Thinking about this further, this patch should be OK either way, if
there is a DT which defines more DMA ranges than the controller can
handle, handling some is better than failing outright -- a PCI which
works with a subset of memory is better than PCI that does not work
at all.

OK to sum it up, this patch is there to deal with u-boot adding
multiple
dma-ranges to DT.

Yes, this patch was posted over two months ago, about the same time
this
functionality was posted for inclusion in U-Boot. It made it into
recent
U-Boot release, but there was no feedback on the Linux patch until
recently.

U-Boot can be changed for the next release, assuming we agree on how it
should behave.

I still do not understand the benefit given that for
DMA masks they are useless as Rob pointed out and ditto for inbound
windows programming (given that AFAICS the PCI controller filters out
any transaction that does not fall within its inbound windows by
default
so adding dma-ranges has the net effect of widening the DMA'able
address
space rather than limiting it).

In short, what's the benefit of adding more dma-ranges regions to the
DT (and consequently handling them in the kernel) ?

The benefit is programming the controller inbound windows correctly.
But if there is a better way to do that, I am open to implement that.
Are there any suggestions / examples of that ?

The crucial thing is that once we improve the existing "dma-ranges"
handling in the DMA layer such that it *does* consider multiple entries
properly, platforms presenting ranges which don't actually exist will
almost certainly start going wrong, and are either going to have to fix
their broken bootloaders or try to make a case for platform-specific
workarounds in core code.
Again, this is exactly the other way around, the dma-ranges populated by
U-Boot cover only existing DRAM. The single dma-range in Linux DT covers
even the holes without existing DRAM.

So even if the Linux dma-ranges handling changes, there should be no
problem.

Say you have a single hardware window, and this DT property (1-cell
numbers for simplicity:

     dma-ranges = <0x00000000 0x00000000 0x80000000>;

Driver reads one entry and programs the window to 2GB@0, DMA setup
parses the first entry and sets device masks to 0x7fffffff, and
everything's fine.

Now say we describe the exact same address range this way instead:

     dma-ranges = <0x00000000 0x00000000 0x40000000,
               0x40000000 0x40000000 0x40000000>;

Driver reads one entry and programs the window to 1GB@0, DMA setup
parses the first entry and sets device masks to 0x3fffffff, and *today*,
things are suboptimal but happen to work.

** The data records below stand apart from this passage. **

(* With $F_1=1+5x-8x^2+x^3$, $G_0=1-x+x^2$, $G_1=1-235x+1430x^2-1695x^3+270x^4+229x^5+x^6$ and $\Phi_3(x)=\dfrac{1728x(x-1)F_1^7}{G_0^3G_1^3}$, in a neighborhood of $x=0$ (radical factors equal to $1$ at $x=0$): $${}_3F_2\!\left(-\tfrac1{14},\tfrac{11}{42},\tfrac{25}{42};\tfrac47,\tfrac57;\Phi_3\right)=(1-3x)(1-x)^{3/7}G_0^{-3/14}G_1^{-3/14},$$ $${}_3F_2\!\left(\tfrac3{14},\tfrac{23}{42},\tfrac{37}{42};\tfrac67,\tfrac97;\Phi_3\right)=\left(1-\tfrac{2x}{3}\right)(1-x)^{-2/7}F_1^{-2}G_0^{9/14}G_1^{9/14},$$ $${}_3F_2\!\left(\tfrac5{14},\tfrac{29}{42},\tfrac{43}{42};\tfrac87,\tfrac{10}7;\Phi_3\right)=\left(1+\tfrac{x}{2}\right)(1-x)^{-1/7}F_1^{-3}G_0^{15/14}G_1^{15/14}.$$
   Context: ${}_3F_2(\alpha_1,\alpha_2,\alpha_3;\beta_1,\beta_2;z)=\sum_{n\ge0}\frac{(\alpha_1)_n(\alpha_2)_n(\alpha_3)_n}{(\beta_1)_n(\beta_2)_n n!}z^n$. *)

From Stdlib Require Import Reals Arith.
Open Scope R_scope.

Fixpoint poch (a : R) (n : nat) : R :=
  match n with
  | O => 1
  | S m => poch a m * (a + INR m)
  end.

Definition coef3F2 (a1 a2 a3 b1 b2 : R) (n : nat) : R :=
  poch a1 n * poch a2 n * poch a3 n / (poch b1 n * poch b2 n * INR (Factorial.fact n)).

Definition is_3F2 (a1 a2 a3 b1 b2 z v : R) : Prop :=
  infinite_sum (fun n => coef3F2 a1 a2 a3 b1 b2 n * z ^ n) v.

Definition F1 (x : R) : R := 1 + 5*x - 8*x^2 + x^3.
Definition G0 (x : R) : R := 1 - x + x^2.
Definition G1 (x : R) : R :=
  1 - 235*x + 1430*x^2 - 1695*x^3 + 270*x^4 + 229*x^5 + x^6.
Definition Phi3 (x : R) : R :=
  1728 * x * (x - 1) * F1 x ^ 7 / (G0 x ^ 3 * G1 x ^ 3).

Now say we finally get round to fixing the of_dma code to properly
generate DMA masks that actually include all usable address bits, a user
upgrades their kernel package, and reboots with that same DT...

Driver reads one entry and programs the window to 1GB@0, DMA setup
parses all entries and sets device masks to 0x7fffffff, devices start
randomly failing or throwing DMA errors half the time, angry user looks
at the changelog to find that somebody decided their now-corrupted
filesystem is less important than the fact that hey, at least the
machine didn't refuse to boot because the DT was obviously wrong. Are
you sure that shouldn't be a problem?

I think you picked a rather special case here and arrived as a DMA mask
which just fails in this special case. Such special case doesn't happen
here, and even if it did, I would expect Linux to merge those two ranges
or do something sane ? If the DMA mask is set incorrectly, that's a bug
of the DMA code I would think.

The mask is not set incorrectly - DMA masks represent the number of 
address bits the device (or intermediate interconnect in the case of the 
bus mask) is capable of driving. Thus when DMA is limited to a specific 
address range, the masks should be wide enough to cover the topmost 
address of that range (unless the device's own capability is inherently 
narrower).

What DMA mask would you get if those two entries had a gap inbetween
them ? E.g.:

  dma-ranges = <0x00000000 0x00000000 0x20000000,
                0x40000000 0x40000000 0x20000000>;

OK, here's an real non-simplified example (note that these windows are 
fixed and not programmed by Linux):

	dma-ranges = <0x02000000 0x0 0x2c1c0000 0x0 0x2c1c0000 0x0 0x00040000>,
			     <0x02000000 0x0 0x80000000 0x0 0x80000000 0x0 0x80000000>,
			     <0x43000000 0x8 0x80000000 0x8 0x80000000 0x2 0x00000000>;

The DMA masks for the devices behind this bridge *should* be 35 bits, 
because that's the size of the largest usable address. Currently, 
however, because of the of_dma code's deficiency they would end up being 
an utterly useless 30 bits, which isn't even enough to reach the start 
of RAM. Thus I can't actually have this property in my DT, and as a 
result I can't enable the IOMMU, because *that* also needs to know the 
ranges in order to reserve the unusable gaps between the windows once 
address translation is in play.

Now, if you want to read the DT binding as less strict and let it just
describe some arbitrarily-complex set of address ranges that should be
valid for DMA, that's not insurmountable; you just need more complex
logic in your driver capable of calculating how best to cover *all*
those ranges using the available number of windows.

That's what the driver does with this patchset, except it's not possible
to cover all those ranges. It covers them as well as it can.

Which means by definition it *doesn't* do what I suggested there...

Robin.